Quantum information is highly constrained compared to classical information, yet has extra degrees of freedom that in a sense are "worth more" than classical bits. But this is not merely that N qubits can store M bits:
It is sometimes useful to distinguish between the different quantum information resources in terms of (classical) bits, qubits and ebits (entanglement bits). A maximally entangled two qubit state (a Bell state) has 1 ebit: tasks requiring X ebits can be done with X or more Bell states but not fewer.
This extra value can be expressed through "Bennett's laws":
1 qubit $\succeq$ 1 bit (qubits can transmit bits)
1 qubit $\succeq$ 1 ebit (qubits can generate entanglement)
1 qubit + 1 ebit $\succeq$ 2 bits (superdense coding)
1 ebit + 2 bits $\succeq$ 1 qubit (quantum teleportation)
where $\succeq$ means "can do the job of". The no-signalling theorem rules out using one ebit to do the job of one bit, and the no-teleportation theorem rules out using any number of bits to do the job of one qubit.
The Holevo bound implies that amount of classical information that can be retrieved from $n$ qubits is just $n$ classical bits, despite the much larger amount of information in the qubits.
$n$ qubits in a computation allow computing up to $2^n$ function evaluations in parallel... but only $n$ bits, randomly sampled from a probability distribution due to the quantum computation done, can be retrieved at the end. So 60 qubits are at most worth $2^{60}$ operations but will only give you 60 bits of information at the end. They can also perform nonclassical tricks according to Bennett's laws.
As for speed, see the quantum speed limits. Basically, the fastest you can move between distinguishable quantum states is set by the energy you put into the system, not the number of bits.
I think one concept to grasp here is quantum parallelism. GHz refers to how fast a computer does 1 computation (A billionth of a second) and classic computers do 1 computation at a time (or a few in multi-core computers). However in a quantum computer multiple computations can be done at once in parallel.
Ultimately when you input Qubits into a system they are identical to regular bits... and when you measure the Qubits they are the same as bits... the interesting property about Qubits is the algorithms you can perform on them because of the quantum properties (assuming you can bring them back to a form where the measured results become useful bits).
Qubit (Qudit) equivalence with classical bits:
$1 \; qubit=2\; classical\; bits$ and $1 \; qudit=D\; classical\; dits $
$N \; qubits=2^N\; classical\; bits$ and $N \; qudit=D^N\; classical\; dits $
As 1 byte= 8 bits=$2^8\;bits$, or $1\;bit= 2^{-3}\;bytes=0.125\;bytes$, we have also
$N \; qubits=2^{N-3}\; classical\; bytes$ and $N \; qudytes=D^{N-3}\; classical\; dits $
Of course, one could define also the qubyte (8 qubits) and the qudyte avoid the -3 extra exponent and keep parallelism with classical information theory.
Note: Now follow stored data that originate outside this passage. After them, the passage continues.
Lemma count_Asharp_count_pred a n : count_Asharp a n = count_pred (inAsharp a) 1 n.
Proof.
  unfold count_Asharp; generalize 1 as u; induction n as [|n IH]; intros u; [reflexivity|].
  simpl; unfold indicator; destruct excluded_middle_informative; simpl; now rewrite IH.
Qed.

Lemma count_pred_split P u n m :
  count_pred P u (n + m) = count_pred P u n + count_pred P (u + n) m.
Proof.
  revert u; induction n as [|n IH]; intros u; simpl.
  - now rewrite Nat.add_0_r.
  - rewrite IH; replace (S u + n) with (u + S n) by lia; lia.
Qed.

Lemma count_pred_last P u n :
  count_pred P u (S n) = count_pred P u n + indicator (P (u + n)).
Proof. rewrite <- Nat.add_1_r, count_pred_split; simpl; lia. Qed.

Lemma count_pred_sub_window P u n u' n' :
  u <= u' -> u' + n' <= u + n -> count_pred P u' n' <= count_pred P u n.
Proof.
  intros H1 H2.
  replace n with ((u' - u) + (n' + (u + n - u' - n'))) by lia.
  rewrite !count_pred_split; replace (u + (u' - u)) with u' by lia; lia.
Qed.

Lemma count_pred_impl (P Q : nat -> Prop) u n :
  (forall z, P z -> Q z) -> count_pred P u n <= count_pred Q u n.
Proof.
  intros PQ; revert u; induction n as [|n IH]; intros u; simpl; [lia|].
  specialize (IH (S u)); unfold indicator.
  destruct (excluded_middle_informative (P u)) as [p|];
    destruct (excluded_middle_informative (Q u)) as [|q]; try lia.
  exfalso; exact (q (PQ u p)).
Qed.

Lemma count_pred_or P Q u n :
  count_pred (fun z => P z \/ Q z) u n <= count_pred P u n + count_pred Q u n.
Proof.
  revert u; induction n as [|n IH]; intros u; simpl; [lia|].
  specialize (IH (S u)); unfold indicator.
  repeat destruct excluded_middle_informative; try tauto; lia.
Qed.

Lemma count_pred_compl P u n : count_pred P u n + count_pred (fun z => ~ P z) u n = n.
Proof.
  revert u; induction n as [|n IH]; intros u; simpl; [lia|].
  specialize (IH (S u)); unfold indicator.
  repeat destruct excluded_middle_informative; try tauto; lia.
Qed.

Lemma count_pred_all (P : nat -> Prop) u n :
  (forall z, u <= z < u + n -> P z) -> count_pred P u n = n.
Proof.
  revert u; induction n as [|n IH]; intros u H; simpl; [lia|].
  rewrite IH by (intros; apply H; lia); unfold indicator.
  destruct excluded_middle_informative as [|np]; [lia|].
  exfalso; apply np, H; lia.
Qed.

Lemma count_pred_none (P : nat -> Prop) u n :
  (forall z, u <= z -> ~ P z) -> count_pred P u n = 0.
Proof.
  revert u; induction n as [|n IH]; intros u H; simpl; [lia|].
  rewrite IH by (intros; apply H; lia); unfold indicator.
  destruct excluded_middle_informative as [p|]; [exfalso; exact (H u (le_n u) p)|lia].
Qed.

Lemma count_pred_eq_le_1 y u n : count_pred (fun z => z = y) u n <= 1.
Proof.
  revert u; induction n as [|n IH]; intros u; simpl; [lia|].
  unfold indicator at 1; destruct excluded_middle_informative as [->|].
  - rewrite count_pred_none by lia; lia.
  - specialize (IH (S u)); lia.
Qed.

Lemma count_pred_reflect (Q : nat -> Prop) t u n : u + n <= t + 1 ->
  count_pred (fun y => Q (t - y)) u n = count_pred Q (t + 1 - u - n) n.
Proof.
  revert u; induction n as [|n IH]; intros u H; [reflexivity|].
  simpl count_pred at 1; rewrite IH, count_pred_last by lia.
  replace (t + 1 - S u - n) with (t + 1 - u - S n) by lia.
  replace (t + 1 - u - S n + n) with (t - u) by lia; lia.
Qed.

Lemma count_pred_lt_exists P u n :
  count_pred P u n < n -> exists y, u <= y < u + n /\ ~ P y.
Proof.
  revert u; induction n as [|n IH]; intros u H; simpl in H; [lia|].
  unfold indicator in H; destruct excluded_middle_informative as [p|np].
  - destruct (IH (S u)) as [y [Hy Py]]; [lia|]. exists y; split; [lia|exact Py].
  - exists u; split; [lia|exact np].
Qed.

Definition distinct_rep (B : nat -> Prop) (x L t : nat) (l : list nat) : Prop :=
  NoDup l /\ (forall z, In z l -> B z /\ x <= z <= x + L) /\ list_sum l = t.

Lemma member_in_window B x L M p :
  count_pred (fun z => ~ B z) x (S L) <= M -> x <= p -> p + M <= x + L ->
  exists y, p <= y <= p + M /\ B y.
Proof.
  intros HB Hp1 Hp2.
  assert (Hc : count_pred (fun z => ~ B z) p (S M) < S M).
  { enough (count_pred (fun z => ~ B z) p (S M) <= M) by lia.
    eapply Nat.le_trans; [apply (count_pred_sub_window _ x (S L))|]; lia. }
  destruct (count_pred_lt_exists _ _ _ Hc) as [y [Hy HBy]].
  exists y; split; [lia|exact (NNPP _ HBy)].
Qed.

Lemma count_pred_remove B y u n M :
  count_pred (fun z => ~ B z) u n <= M ->
  count_pred (fun z => ~ (B z /\ z <> y)) u n <= S M.
Proof.
  intros HB.
  eapply Nat.le_trans; [apply (count_pred_impl _ (fun z => ~ B z \/ z = y))|].
  { intros z Hz; destruct (classic (z = y)); [now right|left; tauto]. }
  eapply Nat.le_trans; [apply count_pred_or|].
  pose proof (count_pred_eq_le_1 y u n); lia.
Qed.

Lemma distinct_rep_pair B x L M t :
  count_pred (fun z => ~ B z) x (S L) <= M -> 2 * (4 * M + 1) <= L ->
  2 * x + (4 * M + 1) <= t -> t + (4 * M + 1) <= 2 * (x + L) ->
  exists l, distinct_rep B x L t l.
Proof.
  intros HB HL Ht1 Ht2.
  assert (Hfew : forall u, x <= u -> u + (2 * M + 1) <= x + S L ->
            count_pred (fun z => ~ B z) u (2 * M + 1) <= M).
  { intros u Hu1 Hu2; eapply Nat.le_trans; [apply (count_pred_sub_window _ x (S L))|]; lia. }
  (* A window of 2M+1 candidates y in which y and t - y both stay inside [x, x + L]. *)
  set (p := Nat.max x (t - x - L)).
  assert (Hc : count_pred (fun y => ~ B y \/ ~ B (t - y)) p (2 * M + 1) < 2 * M + 1).
  { eapply Nat.le_lt_trans; [apply (count_pred_or _ (fun y => ~ B (t - y)))|].
    rewrite (count_pred_reflect (fun z => ~ B z)) by lia.
    pose proof (Hfew p ltac:(lia) ltac:(lia)).
    pose proof (Hfew (t + 1 - p - (2 * M + 1)) ltac:(lia) ltac:(lia)); lia. }
  destruct (count_pred_lt_exists _ _ _ Hc) as [y [Hy Hny]].
  apply not_or_and in Hny as [By Bty]; apply NNPP in By; apply NNPP in Bty.
  exists (y :: t - y :: nil); split; [|split].
  - constructor; [simpl; intros [E|[]]; lia|]. constructor; [simpl; tauto|constructor].
  - intros z [<-|[<-|[]]]; repeat split; (assumption || lia).
  - simpl; lia.
Qed.

Fixpoint sum_margin (j M : nat) : nat :=
  match j with
  | 0 => 4 * M + 1
  | S j' => sum_margin j' (S M) + M + 1
  end.

Lemma sum_margin_le j M : sum_margin j M <= (j + 4) * (M + j + 2).
Proof.
  revert M; induction j as [|j IH]; intros M; simpl; [lia|].
  specialize (IH (S M)); nia.
Qed.

Lemma distinct_rep_exists j : forall B x L M t,
  count_pred (fun z => ~ B z) x (S L) <= M -> 2 * sum_margin j M <= L ->
  (j + 2) * x + sum_margin j M <= t -> t + sum_margin j M <= (j + 2) * (x + L) ->
  exists l, distinct_rep B x L t l.
Proof.
  induction j as [|j IH]; intros B x L M t HB HL Ht1 Ht2; simpl sum_margin in *.
  - exact (distinct_rep_pair B x L M t HB HL Ht1 Ht2).
  - set (c := sum_margin j (S M)) in *.
    set (X1 := (j + 2) * x); set (X2 := (j + 2) * (x + L)).
    assert (E1 : (S j + 2) * x = X1 + x) by (unfold X1; lia).
    assert (E2 : (S j + 2) * (x + L) = X2 + x + L) by (unfold X2; lia).
    assert (E3 : X1 + L <= X2) by (unfold X1, X2; nia).
    rewrite E1 in Ht1; rewrite E2 in Ht2.
    (* p is chosen so that t - y lies in the range handled by the recursive call. *)
    set (p := Nat.min (x + L - M) (Nat.max x (t - X1 - c - M))).
    destruct (member_in_window B x L M p HB ltac:(lia) ltac:(lia)) as [y [Hy By]].
    destruct (IH (fun z => B z /\ z <> y) x L (S M) (t - y)) as [l [Hnd [Hin Hsum]]].
    + now apply count_pred_remove.
    + lia.
    + fold c X1; lia.
    + fold c X2; lia.
    + exists (y :: l); split; [|split].
      * constructor; [intros Hy'; apply Hin in Hy'; tauto|exact Hnd].
      * intros z [<-|Hz]; [repeat split; (assumption || lia)|].
        apply Hin in Hz; repeat split; (tauto || lia).
      * simpl; unfold list_sum in *; lia.
Qed.

Lemma eventually_along (P : nat -> Prop) (g : nat -> nat) :
  (forall X, eventually (fun n => X <= g n)) -> eventually P -> eventually (fun n => P (g n)).
Proof.
  intros Hg [N HN]; destruct (Hg N) as [n0 Hn0].
  exists n0; intros n Hn; apply HN, Hn0, Hn.
Qed.

Section DensityOne.

Variable a : nat -> nat.
Hypothesis a_mono : forall i j, 1 <= i -> i <= j -> a i <= a j.
Hypothesis a_finite : forall m, exists N, forall i, N <= i -> a i <> m.
Hypothesis a_density : lower_density_Asharp a = Finite 1.

Lemma a_unbounded X : eventually (fun n => X <= a n).
Proof.
  induction X as [|X [n0 Hn0]]; [exists 0; intros; lia|].
  destruct (a_finite X) as [N HN]; exists (Nat.max n0 N); intros n Hn.
  specialize (Hn0 n ltac:(lia)); specialize (HN n ltac:(lia)); lia.
Qed.

Lemma missing_sparse D : 0 < D ->
  eventually (fun m => D * count_pred (fun z => ~ inAsharp a z) 1 m <= m).
Proof.
  intros HD.
  destruct (ex_LimInf_seq (fun n => INR (count_Asharp a n) / INR n)%R) as [l Hl].
  unfold lower_density_Asharp in a_density.
  rewrite (is_LimInf_seq_unique _ _ Hl) in a_density; subst l.
  assert (HDp : (0 < INR D)%R) by (apply lt_0_INR; lia).
  destruct (Hl (mkposreal (/ INR D) (Rinv_0_lt_compat _ HDp))) as [_ [N HN]].
  exists (Nat.max N 1); intros m Hm; specialize (HN m ltac:(lia)); simpl in HN.
  assert (Hmp : (0 < INR m)%R) by (apply lt_0_INR; lia).
  set (c := count_Asharp a m) in *.
  assert (Hc : (INR m * INR D - INR m < INR c * INR D)%R).
  { apply (Rmult_lt_compat_r (INR m * INR D)) in HN; [|nra].
    replace ((1 - / INR D) * (INR m * INR D))%R with (INR m * INR D - INR m)%R in HN
      by (field; lra).
    replace (INR c / INR m * (INR m * INR D))%R with (INR c * INR D)%R in HN by (field; lra).
    exact HN. }
  assert (Hcn : m * D < c * D + m) by (apply INR_lt; rewrite plus_INR, !mult_INR; lra).
  pose proof (count_pred_compl (inAsharp a) 1 m).
  unfold c in Hcn; rewrite count_Asharp_count_pred in Hcn; nia.
Qed.

Lemma not_Asharp_between n z : 1 <= n -> a n < z < a (S n) -> ~ inAsharp a z.
Proof.
  intros Hn Hz [i [Hi <-]].
  destruct (Nat.le_gt_cases i n) as [Hin|Hin].
  - specialize (a_mono i n Hi Hin); lia.
  - specialize (a_mono (S n) i ltac:(lia) Hin); lia.
Qed.

Lemma gap_sparse C : eventually (fun n => C * (a (S n) - a n) <= a n).
Proof.
  set (D := 4 * C + 4).
  destruct (missing_sparse D ltac:(lia)) as [N1 HN1].
  destruct (a_unbounded (N1 + D)) as [n0 Hn0].
  exists (Nat.max n0 1); intros n Hn; specialize (Hn0 n ltac:(lia)).
  destruct (Nat.le_gt_cases (a (S n)) (a n)) as [Hle|Hlt]; [nia|].
  set (m := a (S n) - 1).
  assert (Hrun : count_pred (fun z => ~ inAsharp a z) (S (a n)) (m - a n) = m - a n).
  { apply count_pred_all; intros z Hz; apply (not_Asharp_between n); unfold m in *; lia. }
  pose proof (count_pred_sub_window (fun z => ~ inAsharp a z) 1 m (S (a n)) (m - a n)
                ltac:(lia) ltac:(unfold m; lia)) as Hsub.
  specialize (HN1 m ltac:(unfold m; lia)).
  unfold m, D in *; nia.
Qed.

Lemma missing_sparse_along C :
  eventually (fun n => C * count_pred (fun z => ~ inAsharp a z) 1 (4 * a n) <= a n).
Proof.
  apply (filter_imp
           (fun n => 4 * S C * count_pred (fun z => ~ inAsharp a z) 1 (4 * a n) <= 4 * a n));
    [intros n Hn; nia|].
  apply (eventually_along (fun m => 4 * S C * count_pred _ 1 m <= m) (fun n => 4 * a n)).
  - intros X; apply (filter_imp (fun n => X <= a n)); [lia|apply a_unbounded].
  - apply missing_sparse; lia.
Qed.

End DensityOne.

Lemma block_overlap_arith E x x' L G G' :
  1 <= E -> x <= x' -> E * L <= x < E * L + E -> 16 * E * G <= x -> 16 * E * G' <= x ->
  4 * (2 * E + 3) * (x' - x) <= x -> 8 * E <= x ->
  2 * G <= L /\ (2 * E + 3) * x' + G' + G <= (2 * E + 2) * (x + L) + 1.
Proof.
  intros HE Hxx' [HL1 HL2] HG HG' Hd Hx.
  assert (HGL : E * (2 * G) <= E * L) by nia.
  split; [apply (Nat.mul_le_mono_pos_l _ _ E); lia|nia].
Qed.

Lemma partial_sum_S a n : partial_sum a (S n) = partial_sum a n + a (S n).
Proof.
  unfold partial_sum; rewrite seq_S, map_app, fold_right_app; simpl.
  generalize (a (S n)); induction (map a (seq 1 n)) as [|b l IH]; intros c; simpl;
    [lia|rewrite IH; lia].
Qed.

Lemma partial_sum_ge a : (forall i, 1 <= i -> 1 <= a i) -> forall n, n <= partial_sum a n.
Proof.
  intros a_pos n; induction n as [|n IH]; [simpl; lia|].
  rewrite partial_sum_S; specialize (a_pos (S n) ltac:(lia)); lia.
Qed.

Lemma greatest_exists (P : nat -> Prop) b :
  (forall m, P m -> m <= b) -> (exists m, P m) -> exists n, P n /\ forall m, P m -> m <= n.
Proof.
  revert P; induction b as [|b IH]; intros P Hb [m0 Hm0].
  - exists 0; split; [|intros m Hm; apply Hb, Hm].
    now replace 0 with m0 by (apply Hb in Hm0; lia).
  - destruct (classic (P (S b))) as [HS|HS]; [exists (S b); split; [exact HS|exact Hb]|].
    apply IH; [|now exists m0].
    intros m Pm; specialize (Hb m Pm).
    destruct (Nat.eq_dec m (S b)) as [->|]; [contradiction|lia].
Qed.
It is trivial to get the equivalence with kilobytes.
The value of a qubit is, in effect, a complex number. To specify a complex number requires an infinite (and in fact uncountable) number of bits. So in terms of the information that's stored, a qubit is the equivalent of a large infinite number of bits.
You cannot, of course, extract all of that information. As Peter Shor points out in comments, Holevo's Theroem says that you can extract at most one bit.